>>>

Lemma diff_F_lt i j : (i < j)%N -> e i * F j = 0.
Proof.
move=> lt_ij; rewrite mulrBl (F_decreasing (ltnW lt_ij)).2.
by rewrite (F_decreasing lt_ij).2 subrr.
Qed.

Lemma chain_diff_idem n : idempotent (e n).
Proof. by rewrite /idempotent {1}/chain_diff mulrBl F_diff_le // F_diff_gt ?subr0. Qed.

Lemma chain_diff_orth i j : i != j -> e i * e j = 0.
Proof.
rewrite neq_ltn => /orP [lt_ij | lt_ji].
- by rewrite [e j]/chain_diff mulrBr (diff_F_lt lt_ij) (diff_F_lt (leqW lt_ij)) subrr.
- by rewrite [e i]/chain_diff mulrBl (F_diff_gt lt_ji) (F_diff_gt (leqW lt_ji)) subrr.
Qed.

Lemma K_F i j : (i <= j)%N -> K i * F j = e i * F j.
Proof.
move=> le_ij; have [_ Fij] := F_decreasing le_ij.
by rewrite -{1}Fij mulrA KF.
Qed.

Lemma K_diff i j : (i <= j)%N -> K i * e j = e i * e j.
Proof. by move=> le_ij; rewrite !mulrBr !K_F // leqW. Qed.

Lemma sum_chain_diff n : \sum_(0 <= i < n) e i = 1 - F n.
Proof.
rewrite -F0 -opprB -telescope_sumr // -sumrN.
by apply: eq_bigr => i _; rewrite opprB.
Qed.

<<<

- _WHAT YOU SHOULD DO_
Every record should be printed again exactly as it reads.

- _WRITTEN ANSWER_
Lemma diff_F_lt i j : (i < j)%N -> e i * F j = 0.
Proof.
move=> lt_ij; rewrite mulrBl (F_decreasing (ltnW lt_ij)).2.
by rewrite (F_decreasing lt_ij).2 subrr.
Qed.

Lemma chain_diff_idem n : idempotent (e n).
Proof. by rewrite /idempotent {1}/chain_diff mulrBl F_diff_le // F_diff_gt ?subr0. Qed.

Lemma chain_diff_orth i j : i != j -> e i * e j = 0.
Proof.
rewrite neq_ltn => /orP [lt_ij | lt_ji].
- by rewrite [e j]/chain_diff mulrBr (diff_F_lt lt_ij) (diff_F_lt (leqW lt_ij)) subrr.
- by rewrite [e i]/chain_diff mulrBl (F_diff_gt lt_ji) (F_diff_gt (leqW lt_ji)) subrr.
Qed.

Lemma K_F i j : (i <= j)%N -> K i * F j = e i * F j.
Proof.
move=> le_ij; have [_ Fij] := F_decreasing le_ij.
by rewrite -{1}Fij mulrA KF.
Qed.

Lemma K_diff i j : (i <= j)%N -> K i * e j = e i * e j.
Proof. by move=> le_ij; rewrite !mulrBr !K_F // leqW. Qed.

Lemma sum_chain_diff n : \sum_(0 <= i < n) e i = 1 - F n.
Proof.
rewrite -F0 -opprB -telescope_sumr // -sumrN.
by apply: eq_bigr => i _; rewrite opprB.
Qed.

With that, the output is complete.